Batch Normalization의 경우 자체적인 regularization 효과가 있음.
Activation 함수 적용전에 사용.

알고리즘

미니 배치 단위로 평균과 분산을 구함.
평균과 분산을 구해 normalize 시킴.
gamma를 더하고 beta를 곱해 scale 과 shift를 시킴.

*gamma와 beta는 trainable 한 파라미터로 backprob이 가능.

학습

training 시 mini batch 단위에서 구한 평균과 분산을 이용해 normalize.
mini batch 단위에서 구한 average와 variance를 저장.
moving average 방식

테스트

Test 시 train할때 구했던 평균과 분산의 평균을 이용해 normalize.
추가적으로 연산 시 m/(m-1)를 곱해주게 되는데, 이것은 학습 전체 데이터에 대한 분산이 아니라 mini batch 분산을 통해 전체 분산을 추정하기 때문에 통계학적으로 보정을 위해 베셀의 보정값을 곱해준다고 한다..

-> 베셀 보정 : 수학적으로 표본분산의 기댓값이 모분산과 일치하도록 하기위한 설정.

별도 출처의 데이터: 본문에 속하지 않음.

(* In a double category, let $\eta$ be a cell with horizontal source $J\colon A\nrightarrow B$, vertical sides $d\colon A\to M$ and $l\colon B\to M$, and horizontal target $1_M$, that defines $l$ as the pointwise left Kan extension of $d$ along $J$. Let $f\colon C\to B$ be a vertical morphism whose conjoint $f^*\colon B\nrightarrow C$ exists, and let $\gamma\colon J(\mathrm{id},f)\Rightarrow J$ be a cartesian cell with vertical sides $\mathrm{id}_A$ and $f$ defining the restriction $J(\mathrm{id},f)\colon A\nrightarrow C$. Then the vertical composite $\eta\circ\gamma$ defines $l\circ f$ as the pointwise left Kan extension of $d$ along $J(\mathrm{id},f)$.
   Context: Double categories: a double category has objects, vertical morphisms (composition $\circ$), horizontal morphisms $J\colon A\nrightarrow B$ (composition $\odot$ in diagrammatic order, units $1_A$) and cells with horizontal source $J\colon A\nrightarrow B$, horizontal target $K\colon C\nrightarrow D$, vertical sides $f\colon A\to C$, $g\colon B\to D$. A cell $\phi\colon J\Rightarrow K$ with sides $f,g$ is cartesian if every cell $H\Rightarrow K$ with sides $f\circ h,g\circ k$ factors uniquely through $\phi$ via a cell $H\Rightarrow J$ with sides $h,k$; then $J=K(f,g)$ is the restriction. The conjoint of $f\colon C\to B$ is the restriction $f^*=1_B(\mathrm{id},f)\colon B\nrightarrow C$. Kan extensions: a cell $\eta$ with horizontal source $J\colon A\nrightarrow B$, vertical sides $d\colon A\to M$, $l\colon B\to M$ and target $1_M$ defines $l$ as the pointwise left Kan extension of $d$ along $J$ if for every $H\colon B\nrightarrow C$ (including $H=1_B$) every cell with horizontal source $J\odot H$, vertical sides $d$ and $k\colon C\to M$, target $1_M$ factors uniquely as $\eta\odot\psi$ with $\psi\colon H\Rightarrow 1_M$ having sides $l,k$. *)

(* A (pseudo) double category presented
   essentially-algebraically: vertical morphisms, horizontal morphisms and
   cells form plain types, equipped with boundary maps and total composition
   operations whose laws are required only on composable (well-typed) data.
   This avoids dependent-type transports for cell equalities. *)

Record DoubleCategory := {
  Ob : Type;
  VM : Type;
  HM : Type;
  Cell : Type;

  vdom : VM -> Ob;
  vcod : VM -> Ob;
  vid : Ob -> VM;
  vcomp : VM -> VM -> VM;            (* vcomp g f = g o f *)
  vdom_id : forall A, vdom (vid A) = A;
  vcod_id : forall A, vcod (vid A) = A;
  vdom_comp : forall f g, vcod f = vdom g -> vdom (vcomp g f) = vdom f;
  vcod_comp : forall f g, vcod f = vdom g -> vcod (vcomp g f) = vcod g;
  vcomp_id_l : forall f, vcomp (vid (vcod f)) f = f;
  vcomp_id_r : forall f, vcomp f (vid (vdom f)) = f;
  vcomp_assoc : forall f g h, vcod f = vdom g -> vcod g = vdom h ->
      vcomp h (vcomp g f) = vcomp (vcomp h g) f;

  (* horizontal morphisms J : hs J -|-> ht J, composition in diagrammatic order *)
  hs : HM -> Ob;
  ht : HM -> Ob;
  hunit : Ob -> HM;
  hcomp : HM -> HM -> HM;
  hs_unit : forall A, hs (hunit A) = A;
  ht_unit : forall A, ht (hunit A) = A;
  hs_comp : forall J K, ht J = hs K -> hs (hcomp J K) = hs J;
  ht_comp : forall J K, ht J = hs K -> ht (hcomp J K) = ht K;

  (* cells: horizontal source ctop, horizontal target cbot,
     vertical sides cl (left) and cr (right) *)
  ctop : Cell -> HM;
  cbot : Cell -> HM;
  cl : Cell -> VM;
  cr : Cell -> VM;
  bnd_tl : forall a, vdom (cl a) = hs (ctop a);
  bnd_tr : forall a, vdom (cr a) = ht (ctop a);
  bnd_bl : forall a, vcod (cl a) = hs (cbot a);
  bnd_br : forall a, vcod (cr a) = ht (cbot a);

  (* vertical composition of cells: cvc a b = b o a (a on top of b) *)
  cvc : Cell -> Cell -> Cell;
  ctop_cvc : forall a b, cbot a = ctop b -> ctop (cvc a b) = ctop a;
  cbot_cvc : forall a b, cbot a = ctop b -> cbot (cvc a b) = cbot b;
  cl_cvc : forall a b, cbot a = ctop b -> cl (cvc a b) = vcomp (cl b) (cl a);
  cr_cvc : forall a b, cbot a = ctop b -> cr (cvc a b) = vcomp (cr b) (cr a);
  cid : HM -> Cell;
  ctop_cid : forall J, ctop (cid J) = J;
  cbot_cid : forall J, cbot (cid J) = J;
  cl_cid : forall J, cl (cid J) = vid (hs J);
  cr_cid : forall J, cr (cid J) = vid (ht J);
  cvc_id_l : forall a, cvc (cid (ctop a)) a = a;
  cvc_id_r : forall a, cvc a (cid (cbot a)) = a;
  cvc_assoc : forall a b c, cbot a = ctop b -> cbot b = ctop c ->
      cvc a (cvc b c) = cvc (cvc a b) c;

  chc : Cell -> Cell -> Cell;
  ctop_chc : forall a b, cr a = cl b -> ctop (chc a b) = hcomp (ctop a) (ctop b);
  cbot_chc : forall a b, cr a = cl b -> cbot (chc a b) = hcomp (cbot a) (cbot b);
  cl_chc : forall a b, cr a = cl b -> cl (chc a b) = cl a;
  cr_chc : forall a b, cr a = cl b -> cr (chc a b) = cr b;
  cu : VM -> Cell;
  ctop_cu : forall f, ctop (cu f) = hunit (vdom f);
  cbot_cu : forall f, cbot (cu f) = hunit (vcod f);
  cl_cu : forall f, cl (cu f) = f;
  cr_cu : forall f, cr (cu f) = f;
  chc_cid : forall J K, ht J = hs K -> chc (cid J) (cid K) = cid (hcomp J K);
  interchange : forall a b a' b', cbot a = ctop b -> cbot a' = ctop b' ->
      cr a = cl a' -> cr b = cl b' ->
      chc (cvc a b) (cvc a' b') = cvc (chc a a') (chc b b');
  cu_id : forall A, cu (vid A) = cid (hunit A);
  cu_comp : forall f g, vcod f = vdom g -> cu (vcomp g f) = cvc (cu f) (cu g);

  assoc : HM -> HM -> HM -> Cell;
  assoc_inv : HM -> HM -> HM -> Cell;
  ctop_assoc : forall J K L, ht J = hs K -> ht K = hs L ->
      ctop (assoc J K L) = hcomp (hcomp J K) L;
  cbot_assoc : forall J K L, ht J = hs K -> ht K = hs L ->
      cbot (assoc J K L) = hcomp J (hcomp K L);
  cl_assoc : forall J K L, cl (assoc J K L) = vid (hs J);
  cr_assoc : forall J K L, cr (assoc J K L) = vid (ht L);
  ctop_assoc_inv : forall J K L, ht J = hs K -> ht K = hs L ->
      ctop (assoc_inv J K L) = hcomp J (hcomp K L);
  cbot_assoc_inv : forall J K L, ht J = hs K -> ht K = hs L ->
      cbot (assoc_inv J K L) = hcomp (hcomp J K) L;
  cl_assoc_inv : forall J K L, cl (assoc_inv J K L) = vid (hs J);
  cr_assoc_inv : forall J K L, cr (assoc_inv J K L) = vid (ht L);
  assoc_iso1 : forall J K L, ht J = hs K -> ht K = hs L ->
      cvc (assoc J K L) (assoc_inv J K L) = cid (hcomp (hcomp J K) L);
  assoc_iso2 : forall J K L, ht J = hs K -> ht K = hs L ->
      cvc (assoc_inv J K L) (assoc J K L) = cid (hcomp J (hcomp K L));
  assoc_nat : forall a b c, cr a = cl b -> cr b = cl c ->
      cvc (chc (chc a b) c) (assoc (cbot a) (cbot b) (cbot c))
      = cvc (assoc (ctop a) (ctop b) (ctop c)) (chc a (chc b c));

  lu : HM -> Cell;
  lu_inv : HM -> Cell;
  ctop_lu : forall J, ctop (lu J) = hcomp (hunit (hs J)) J;
  cbot_lu : forall J, cbot (lu J) = J;
  cl_lu : forall J, cl (lu J) = vid (hs J);
  cr_lu : forall J, cr (lu J) = vid (ht J);
  ctop_lu_inv : forall J, ctop (lu_inv J) = J;
  cbot_lu_inv : forall J, cbot (lu_inv J) = hcomp (hunit (hs J)) J;
  cl_lu_inv : forall J, cl (lu_inv J) = vid (hs J);
  cr_lu_inv : forall J, cr (lu_inv J) = vid (ht J);
  lu_iso1 : forall J, cvc (lu J) (lu_inv J) = cid (hcomp (hunit (hs J)) J);
  lu_iso2 : forall J, cvc (lu_inv J) (lu J) = cid J;
  lu_nat : forall a, cvc (chc (cu (cl a)) a) (lu (cbot a)) = cvc (lu (ctop a)) a;

  ru : HM -> Cell;
  ru_inv : HM -> Cell;
  ctop_ru : forall J, ctop (ru J) = hcomp J (hunit (ht J));
  cbot_ru : forall J, cbot (ru J) = J;
  cl_ru : forall J, cl (ru J) = vid (hs J);
  cr_ru : forall J, cr (ru J) = vid (ht J);
  ctop_ru_inv : forall J, ctop (ru_inv J) = J;
  cbot_ru_inv : forall J, cbot (ru_inv J) = hcomp J (hunit (ht J));
  cl_ru_inv : forall J, cl (ru_inv J) = vid (hs J);
  cr_ru_inv : forall J, cr (ru_inv J) = vid (ht J);
  ru_iso1 : forall J, cvc (ru J) (ru_inv J) = cid (hcomp J (hunit (ht J)));
  ru_iso2 : forall J, cvc (ru_inv J) (ru J) = cid J;
  ru_nat : forall a, cvc (chc a (cu (cr a))) (ru (cbot a)) = cvc (ru (ctop a)) a;

  pentagon : forall J K L N, ht J = hs K -> ht K = hs L -> ht L = hs N ->
      cvc (assoc (hcomp J K) L N) (assoc J K (hcomp L N))
      = cvc (cvc (chc (assoc J K L) (cid N)) (assoc J (hcomp K L) N))
            (chc (cid J) (assoc K L N));
  triangle : forall J K, ht J = hs K ->
      cvc (assoc J (hunit (ht J)) K) (chc (cid J) (lu K)) = chc (ru J) (cid K)
}.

-> 모분산을 추정할때 그냥 m으로 나누게 되면 모분산 보다 항상 작은 값이 추정되는 현상이 발생한다. 이 현상을 제거하기 위해 m 대신 m-1로 나눠줌.

Convolution에서의 Batch Norm

Convolution에서는 activation function 전에 batch norm을 사용한다. 기본적인 형태는 Wx+b 형태로 들어가게 되는데 batch norm에서의 beta 역할이 Wx+b 에서의 b의 역할을 대체하기 때문에 이를 없애준다.

Tensorflow Code 작성시 주의.

tf.layers.batch_normalization(training=) 의 parameter 로 training이 들어감. -> train 시 True, test와 validation 시 False로 설정해 주어야함. 하지만 이렇게 셋팅 후 모델을 돌려보면 test와 vali 에서 값이 이상하게 나오게 된다. 이는 batch norm의 train 연산시 계산되는 평균과 분산을 업데이트 시켜줘야 하는데 이를 자동으로 해주지 못함. 즉 수동으로 업데이트 시켜야함!!

# placeholder 지정

batch_prob = tf.placeholder(tf.bool)

tf.layers.batch_normalization(training=batch_prob)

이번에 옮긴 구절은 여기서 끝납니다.